### Work required:
Within the records, determine how many lines contain the word "elim". Your reply must consist of that number only.

### Exercise materials:
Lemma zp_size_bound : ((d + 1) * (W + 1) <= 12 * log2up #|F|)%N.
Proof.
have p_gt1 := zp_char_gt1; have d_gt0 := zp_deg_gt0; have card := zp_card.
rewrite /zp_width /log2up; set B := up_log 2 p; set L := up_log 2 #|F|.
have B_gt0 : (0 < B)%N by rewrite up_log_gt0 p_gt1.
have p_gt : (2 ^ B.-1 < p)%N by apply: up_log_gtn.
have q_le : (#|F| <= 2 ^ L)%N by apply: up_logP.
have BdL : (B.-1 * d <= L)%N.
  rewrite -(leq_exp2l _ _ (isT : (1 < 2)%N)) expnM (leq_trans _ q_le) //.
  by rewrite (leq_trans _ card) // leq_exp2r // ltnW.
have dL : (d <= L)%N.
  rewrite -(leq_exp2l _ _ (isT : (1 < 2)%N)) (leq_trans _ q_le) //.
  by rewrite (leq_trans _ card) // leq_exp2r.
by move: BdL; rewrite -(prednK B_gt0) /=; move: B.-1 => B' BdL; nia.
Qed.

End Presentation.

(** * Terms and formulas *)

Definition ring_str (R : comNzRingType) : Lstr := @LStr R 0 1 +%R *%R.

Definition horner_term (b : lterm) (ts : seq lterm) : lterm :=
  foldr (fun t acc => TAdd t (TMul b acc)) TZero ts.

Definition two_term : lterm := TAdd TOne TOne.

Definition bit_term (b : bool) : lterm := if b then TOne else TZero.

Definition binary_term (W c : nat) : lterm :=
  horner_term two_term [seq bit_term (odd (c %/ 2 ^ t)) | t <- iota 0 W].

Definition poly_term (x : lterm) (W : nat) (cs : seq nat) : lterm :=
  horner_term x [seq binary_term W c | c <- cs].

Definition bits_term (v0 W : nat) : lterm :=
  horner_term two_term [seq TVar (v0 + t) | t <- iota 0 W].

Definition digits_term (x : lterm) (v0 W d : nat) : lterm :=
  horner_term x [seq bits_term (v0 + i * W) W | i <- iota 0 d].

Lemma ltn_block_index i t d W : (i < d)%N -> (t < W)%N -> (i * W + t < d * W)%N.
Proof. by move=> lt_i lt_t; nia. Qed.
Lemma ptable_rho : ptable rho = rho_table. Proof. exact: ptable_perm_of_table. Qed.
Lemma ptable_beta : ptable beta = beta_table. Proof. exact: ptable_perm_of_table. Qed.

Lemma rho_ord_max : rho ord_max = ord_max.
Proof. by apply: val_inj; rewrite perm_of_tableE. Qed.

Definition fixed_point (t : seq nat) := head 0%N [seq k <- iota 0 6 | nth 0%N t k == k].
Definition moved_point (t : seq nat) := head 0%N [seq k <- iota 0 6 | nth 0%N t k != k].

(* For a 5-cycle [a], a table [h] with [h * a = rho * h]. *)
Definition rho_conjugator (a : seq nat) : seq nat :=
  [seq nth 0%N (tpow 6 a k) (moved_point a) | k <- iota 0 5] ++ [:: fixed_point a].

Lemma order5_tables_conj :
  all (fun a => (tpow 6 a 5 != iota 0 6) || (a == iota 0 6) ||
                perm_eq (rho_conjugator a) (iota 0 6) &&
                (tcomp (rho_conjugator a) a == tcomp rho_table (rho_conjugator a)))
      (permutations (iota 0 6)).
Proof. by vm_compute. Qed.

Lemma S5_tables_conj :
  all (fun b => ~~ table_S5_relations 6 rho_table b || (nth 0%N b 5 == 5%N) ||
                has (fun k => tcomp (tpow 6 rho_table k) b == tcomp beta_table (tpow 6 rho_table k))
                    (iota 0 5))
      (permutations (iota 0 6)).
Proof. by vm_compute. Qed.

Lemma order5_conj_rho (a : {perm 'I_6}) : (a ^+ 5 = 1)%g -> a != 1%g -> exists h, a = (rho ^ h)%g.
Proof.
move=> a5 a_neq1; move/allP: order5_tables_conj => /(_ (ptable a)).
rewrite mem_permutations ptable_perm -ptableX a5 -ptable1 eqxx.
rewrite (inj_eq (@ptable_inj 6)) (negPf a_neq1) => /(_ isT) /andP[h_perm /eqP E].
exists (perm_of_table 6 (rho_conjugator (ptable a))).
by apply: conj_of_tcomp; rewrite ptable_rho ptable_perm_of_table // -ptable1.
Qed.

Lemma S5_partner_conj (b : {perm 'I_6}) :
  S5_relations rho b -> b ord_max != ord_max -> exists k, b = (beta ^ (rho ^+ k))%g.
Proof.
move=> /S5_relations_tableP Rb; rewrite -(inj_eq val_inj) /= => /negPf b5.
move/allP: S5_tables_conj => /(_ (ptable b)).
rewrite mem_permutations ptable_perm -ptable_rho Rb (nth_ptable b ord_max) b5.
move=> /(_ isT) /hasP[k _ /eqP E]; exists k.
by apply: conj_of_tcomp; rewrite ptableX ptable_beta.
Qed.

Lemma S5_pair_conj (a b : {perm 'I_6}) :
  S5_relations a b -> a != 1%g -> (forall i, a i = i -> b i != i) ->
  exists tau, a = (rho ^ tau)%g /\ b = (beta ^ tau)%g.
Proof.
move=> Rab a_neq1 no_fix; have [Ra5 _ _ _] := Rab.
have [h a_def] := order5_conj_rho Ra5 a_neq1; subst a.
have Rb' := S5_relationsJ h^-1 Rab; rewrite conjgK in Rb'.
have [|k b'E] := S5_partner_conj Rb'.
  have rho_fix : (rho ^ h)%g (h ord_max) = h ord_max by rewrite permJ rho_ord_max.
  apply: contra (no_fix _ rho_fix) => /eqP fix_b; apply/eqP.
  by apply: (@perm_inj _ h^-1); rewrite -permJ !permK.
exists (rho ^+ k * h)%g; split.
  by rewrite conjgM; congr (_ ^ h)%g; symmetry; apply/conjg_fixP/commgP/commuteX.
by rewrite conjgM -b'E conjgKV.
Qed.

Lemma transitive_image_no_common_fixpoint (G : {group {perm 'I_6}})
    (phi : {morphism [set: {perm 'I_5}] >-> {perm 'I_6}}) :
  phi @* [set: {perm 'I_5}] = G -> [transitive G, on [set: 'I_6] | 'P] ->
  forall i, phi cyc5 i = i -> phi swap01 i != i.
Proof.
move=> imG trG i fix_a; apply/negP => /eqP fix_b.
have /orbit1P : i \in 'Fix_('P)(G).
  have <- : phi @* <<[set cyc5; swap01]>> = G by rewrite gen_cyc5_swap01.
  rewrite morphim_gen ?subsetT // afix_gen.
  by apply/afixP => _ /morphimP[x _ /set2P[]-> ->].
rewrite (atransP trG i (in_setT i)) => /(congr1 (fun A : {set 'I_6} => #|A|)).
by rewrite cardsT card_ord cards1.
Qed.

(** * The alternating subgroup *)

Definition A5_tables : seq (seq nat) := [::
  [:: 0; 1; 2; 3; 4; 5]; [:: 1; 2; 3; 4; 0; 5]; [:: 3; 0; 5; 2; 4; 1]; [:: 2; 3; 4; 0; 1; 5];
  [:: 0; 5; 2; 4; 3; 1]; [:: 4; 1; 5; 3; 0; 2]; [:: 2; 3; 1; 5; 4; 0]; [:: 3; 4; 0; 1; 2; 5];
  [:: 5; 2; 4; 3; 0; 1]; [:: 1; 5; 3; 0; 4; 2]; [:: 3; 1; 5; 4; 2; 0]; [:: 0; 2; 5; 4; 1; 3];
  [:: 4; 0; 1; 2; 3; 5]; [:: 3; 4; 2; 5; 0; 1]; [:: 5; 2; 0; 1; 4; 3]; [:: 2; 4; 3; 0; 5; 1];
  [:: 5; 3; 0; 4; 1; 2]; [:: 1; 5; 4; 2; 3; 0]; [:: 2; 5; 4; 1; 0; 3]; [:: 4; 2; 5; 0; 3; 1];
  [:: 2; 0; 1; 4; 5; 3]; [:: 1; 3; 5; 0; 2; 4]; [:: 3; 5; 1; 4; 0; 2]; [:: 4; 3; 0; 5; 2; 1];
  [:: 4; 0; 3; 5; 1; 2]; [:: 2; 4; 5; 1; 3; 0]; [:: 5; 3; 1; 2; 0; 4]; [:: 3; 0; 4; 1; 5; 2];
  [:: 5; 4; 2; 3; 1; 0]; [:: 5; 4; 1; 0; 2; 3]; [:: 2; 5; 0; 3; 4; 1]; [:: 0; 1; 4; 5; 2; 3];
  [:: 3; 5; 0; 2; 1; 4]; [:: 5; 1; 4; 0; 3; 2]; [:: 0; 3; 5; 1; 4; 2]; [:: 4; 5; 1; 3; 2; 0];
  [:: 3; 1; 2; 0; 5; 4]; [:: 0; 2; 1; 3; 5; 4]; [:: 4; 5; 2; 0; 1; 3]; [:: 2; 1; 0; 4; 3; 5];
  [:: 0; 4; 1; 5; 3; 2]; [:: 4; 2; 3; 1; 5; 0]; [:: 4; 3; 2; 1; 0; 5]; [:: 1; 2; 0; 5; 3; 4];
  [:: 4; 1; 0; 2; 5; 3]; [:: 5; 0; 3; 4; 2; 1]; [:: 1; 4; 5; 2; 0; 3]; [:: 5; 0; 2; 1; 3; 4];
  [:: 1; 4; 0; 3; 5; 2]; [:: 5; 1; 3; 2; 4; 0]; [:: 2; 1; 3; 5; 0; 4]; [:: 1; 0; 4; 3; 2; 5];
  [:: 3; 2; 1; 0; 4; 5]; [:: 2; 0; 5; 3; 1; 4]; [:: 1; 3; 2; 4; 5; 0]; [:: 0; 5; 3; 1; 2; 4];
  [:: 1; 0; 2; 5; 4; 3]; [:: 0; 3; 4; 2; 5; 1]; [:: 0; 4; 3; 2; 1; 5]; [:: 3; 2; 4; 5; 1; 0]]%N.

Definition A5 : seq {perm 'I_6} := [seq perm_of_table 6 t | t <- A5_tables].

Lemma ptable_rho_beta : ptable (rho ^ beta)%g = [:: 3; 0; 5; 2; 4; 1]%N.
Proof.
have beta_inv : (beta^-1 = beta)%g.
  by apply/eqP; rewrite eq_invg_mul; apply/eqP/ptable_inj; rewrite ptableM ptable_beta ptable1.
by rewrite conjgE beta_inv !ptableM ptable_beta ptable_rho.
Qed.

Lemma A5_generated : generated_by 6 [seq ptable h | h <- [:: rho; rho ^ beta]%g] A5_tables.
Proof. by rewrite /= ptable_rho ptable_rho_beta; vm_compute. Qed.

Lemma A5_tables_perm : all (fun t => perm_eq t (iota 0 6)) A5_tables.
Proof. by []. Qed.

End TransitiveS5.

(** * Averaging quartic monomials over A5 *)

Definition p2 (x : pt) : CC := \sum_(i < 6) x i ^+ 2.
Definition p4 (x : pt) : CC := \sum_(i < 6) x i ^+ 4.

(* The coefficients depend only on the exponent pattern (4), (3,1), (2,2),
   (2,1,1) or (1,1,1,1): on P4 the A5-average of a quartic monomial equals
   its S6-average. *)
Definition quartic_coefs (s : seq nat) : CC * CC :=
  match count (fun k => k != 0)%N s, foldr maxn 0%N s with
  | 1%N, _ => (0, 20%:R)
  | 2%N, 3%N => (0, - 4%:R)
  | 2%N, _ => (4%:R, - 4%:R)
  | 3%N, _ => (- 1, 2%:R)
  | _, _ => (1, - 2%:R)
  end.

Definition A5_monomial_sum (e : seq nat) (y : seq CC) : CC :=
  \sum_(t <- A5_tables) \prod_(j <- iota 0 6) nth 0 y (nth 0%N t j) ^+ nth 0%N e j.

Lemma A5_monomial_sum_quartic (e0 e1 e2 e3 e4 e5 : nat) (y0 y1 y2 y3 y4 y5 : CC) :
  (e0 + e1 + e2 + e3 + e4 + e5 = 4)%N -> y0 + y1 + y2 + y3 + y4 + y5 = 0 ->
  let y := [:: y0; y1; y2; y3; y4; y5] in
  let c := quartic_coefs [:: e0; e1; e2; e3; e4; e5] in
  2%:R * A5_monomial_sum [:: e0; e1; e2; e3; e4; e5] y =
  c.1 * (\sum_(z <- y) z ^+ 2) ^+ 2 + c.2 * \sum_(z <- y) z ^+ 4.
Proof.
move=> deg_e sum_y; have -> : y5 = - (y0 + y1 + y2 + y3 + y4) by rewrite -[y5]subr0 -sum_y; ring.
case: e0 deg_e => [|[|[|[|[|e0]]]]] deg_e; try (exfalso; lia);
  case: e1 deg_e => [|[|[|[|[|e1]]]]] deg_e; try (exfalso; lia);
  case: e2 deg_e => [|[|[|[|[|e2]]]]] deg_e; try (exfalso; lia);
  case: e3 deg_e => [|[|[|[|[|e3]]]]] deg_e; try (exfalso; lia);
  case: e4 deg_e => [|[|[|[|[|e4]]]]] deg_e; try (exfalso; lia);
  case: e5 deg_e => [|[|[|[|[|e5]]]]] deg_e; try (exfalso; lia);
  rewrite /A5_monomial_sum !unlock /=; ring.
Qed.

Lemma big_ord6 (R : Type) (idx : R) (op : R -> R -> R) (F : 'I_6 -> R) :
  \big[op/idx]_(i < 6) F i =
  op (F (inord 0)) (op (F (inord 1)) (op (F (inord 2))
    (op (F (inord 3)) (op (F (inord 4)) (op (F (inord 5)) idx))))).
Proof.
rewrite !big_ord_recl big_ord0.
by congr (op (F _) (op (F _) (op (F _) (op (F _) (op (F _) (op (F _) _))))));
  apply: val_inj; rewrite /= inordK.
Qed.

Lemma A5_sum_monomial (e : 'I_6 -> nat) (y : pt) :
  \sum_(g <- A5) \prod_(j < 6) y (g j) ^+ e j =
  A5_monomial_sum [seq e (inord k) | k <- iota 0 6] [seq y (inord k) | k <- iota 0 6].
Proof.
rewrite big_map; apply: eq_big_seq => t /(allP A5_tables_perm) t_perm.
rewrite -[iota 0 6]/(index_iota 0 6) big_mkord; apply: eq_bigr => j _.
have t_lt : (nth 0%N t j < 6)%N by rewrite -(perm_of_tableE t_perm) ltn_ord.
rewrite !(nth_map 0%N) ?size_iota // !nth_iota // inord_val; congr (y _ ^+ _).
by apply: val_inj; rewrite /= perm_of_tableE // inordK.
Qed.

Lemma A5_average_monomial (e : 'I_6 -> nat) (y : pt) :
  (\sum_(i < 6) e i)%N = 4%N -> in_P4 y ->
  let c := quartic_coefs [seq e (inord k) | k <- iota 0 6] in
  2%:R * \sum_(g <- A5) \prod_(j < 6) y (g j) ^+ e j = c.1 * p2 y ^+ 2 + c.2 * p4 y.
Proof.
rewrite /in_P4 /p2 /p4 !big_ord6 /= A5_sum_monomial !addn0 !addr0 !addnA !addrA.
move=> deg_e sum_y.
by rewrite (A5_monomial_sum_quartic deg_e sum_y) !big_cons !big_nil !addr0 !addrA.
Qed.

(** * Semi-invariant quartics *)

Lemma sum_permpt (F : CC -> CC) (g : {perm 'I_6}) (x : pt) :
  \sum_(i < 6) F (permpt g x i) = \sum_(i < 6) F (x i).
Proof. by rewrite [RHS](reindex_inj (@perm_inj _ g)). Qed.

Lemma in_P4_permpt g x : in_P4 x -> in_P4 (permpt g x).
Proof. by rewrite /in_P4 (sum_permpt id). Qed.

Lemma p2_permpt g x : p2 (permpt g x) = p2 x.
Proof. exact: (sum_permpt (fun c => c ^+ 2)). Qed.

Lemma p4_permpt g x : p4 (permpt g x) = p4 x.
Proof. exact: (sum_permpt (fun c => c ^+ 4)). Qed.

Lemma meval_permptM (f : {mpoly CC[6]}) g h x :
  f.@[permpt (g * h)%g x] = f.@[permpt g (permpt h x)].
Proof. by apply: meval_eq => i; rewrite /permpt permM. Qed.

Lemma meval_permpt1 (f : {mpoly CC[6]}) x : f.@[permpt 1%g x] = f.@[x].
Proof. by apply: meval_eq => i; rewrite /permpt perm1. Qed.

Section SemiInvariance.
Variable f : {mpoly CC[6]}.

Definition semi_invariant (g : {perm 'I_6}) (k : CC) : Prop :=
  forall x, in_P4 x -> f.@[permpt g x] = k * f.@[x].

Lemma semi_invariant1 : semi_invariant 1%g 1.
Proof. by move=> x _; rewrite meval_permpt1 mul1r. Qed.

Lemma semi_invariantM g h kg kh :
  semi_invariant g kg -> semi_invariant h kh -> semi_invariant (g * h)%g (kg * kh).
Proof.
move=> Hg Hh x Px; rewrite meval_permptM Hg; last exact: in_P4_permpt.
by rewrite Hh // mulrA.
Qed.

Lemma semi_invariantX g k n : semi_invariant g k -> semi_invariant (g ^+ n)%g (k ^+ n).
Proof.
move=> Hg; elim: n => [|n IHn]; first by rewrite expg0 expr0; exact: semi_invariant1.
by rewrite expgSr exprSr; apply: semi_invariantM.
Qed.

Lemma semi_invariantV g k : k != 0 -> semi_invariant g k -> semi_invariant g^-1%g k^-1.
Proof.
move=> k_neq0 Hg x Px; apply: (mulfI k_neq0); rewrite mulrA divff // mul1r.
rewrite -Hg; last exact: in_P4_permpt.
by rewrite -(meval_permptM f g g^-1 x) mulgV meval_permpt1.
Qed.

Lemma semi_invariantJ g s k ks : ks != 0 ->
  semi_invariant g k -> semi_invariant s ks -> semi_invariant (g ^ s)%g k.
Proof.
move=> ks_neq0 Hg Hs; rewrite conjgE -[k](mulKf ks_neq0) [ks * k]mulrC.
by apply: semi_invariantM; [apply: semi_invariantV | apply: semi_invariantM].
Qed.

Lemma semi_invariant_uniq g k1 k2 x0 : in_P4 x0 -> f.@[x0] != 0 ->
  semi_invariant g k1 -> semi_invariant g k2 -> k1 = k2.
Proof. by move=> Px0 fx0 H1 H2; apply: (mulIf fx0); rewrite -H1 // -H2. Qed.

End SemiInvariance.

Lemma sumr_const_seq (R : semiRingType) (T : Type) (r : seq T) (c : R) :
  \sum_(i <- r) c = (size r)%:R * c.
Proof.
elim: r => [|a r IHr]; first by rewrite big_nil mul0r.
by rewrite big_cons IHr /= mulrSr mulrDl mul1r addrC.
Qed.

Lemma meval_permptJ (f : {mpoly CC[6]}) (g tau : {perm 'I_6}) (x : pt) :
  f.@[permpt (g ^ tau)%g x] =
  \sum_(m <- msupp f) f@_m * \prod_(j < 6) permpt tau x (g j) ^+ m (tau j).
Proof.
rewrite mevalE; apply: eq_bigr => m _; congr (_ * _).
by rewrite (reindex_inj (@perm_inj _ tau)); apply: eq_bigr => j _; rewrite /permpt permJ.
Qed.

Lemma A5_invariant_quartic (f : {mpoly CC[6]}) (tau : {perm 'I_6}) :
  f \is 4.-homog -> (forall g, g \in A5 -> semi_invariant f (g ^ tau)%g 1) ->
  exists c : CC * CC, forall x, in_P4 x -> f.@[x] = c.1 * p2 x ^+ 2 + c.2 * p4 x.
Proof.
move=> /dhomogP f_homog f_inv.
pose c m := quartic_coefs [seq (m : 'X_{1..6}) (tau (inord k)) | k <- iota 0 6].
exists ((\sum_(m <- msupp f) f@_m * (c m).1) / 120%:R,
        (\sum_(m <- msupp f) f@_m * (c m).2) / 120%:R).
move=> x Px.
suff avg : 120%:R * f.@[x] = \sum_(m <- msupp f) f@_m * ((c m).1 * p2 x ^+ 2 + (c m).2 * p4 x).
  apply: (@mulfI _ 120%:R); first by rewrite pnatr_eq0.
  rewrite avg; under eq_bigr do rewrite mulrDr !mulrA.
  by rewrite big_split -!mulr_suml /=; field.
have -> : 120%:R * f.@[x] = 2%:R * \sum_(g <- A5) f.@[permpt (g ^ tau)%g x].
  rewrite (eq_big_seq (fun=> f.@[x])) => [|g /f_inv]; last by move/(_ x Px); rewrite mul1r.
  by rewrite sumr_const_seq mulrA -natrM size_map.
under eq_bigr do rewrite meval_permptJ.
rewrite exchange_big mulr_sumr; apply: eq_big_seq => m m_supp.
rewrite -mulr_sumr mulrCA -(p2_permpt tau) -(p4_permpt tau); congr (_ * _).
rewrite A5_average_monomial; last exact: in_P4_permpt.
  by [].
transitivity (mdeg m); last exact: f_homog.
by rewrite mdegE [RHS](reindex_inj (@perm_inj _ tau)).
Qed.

### Answer to this exercise:
2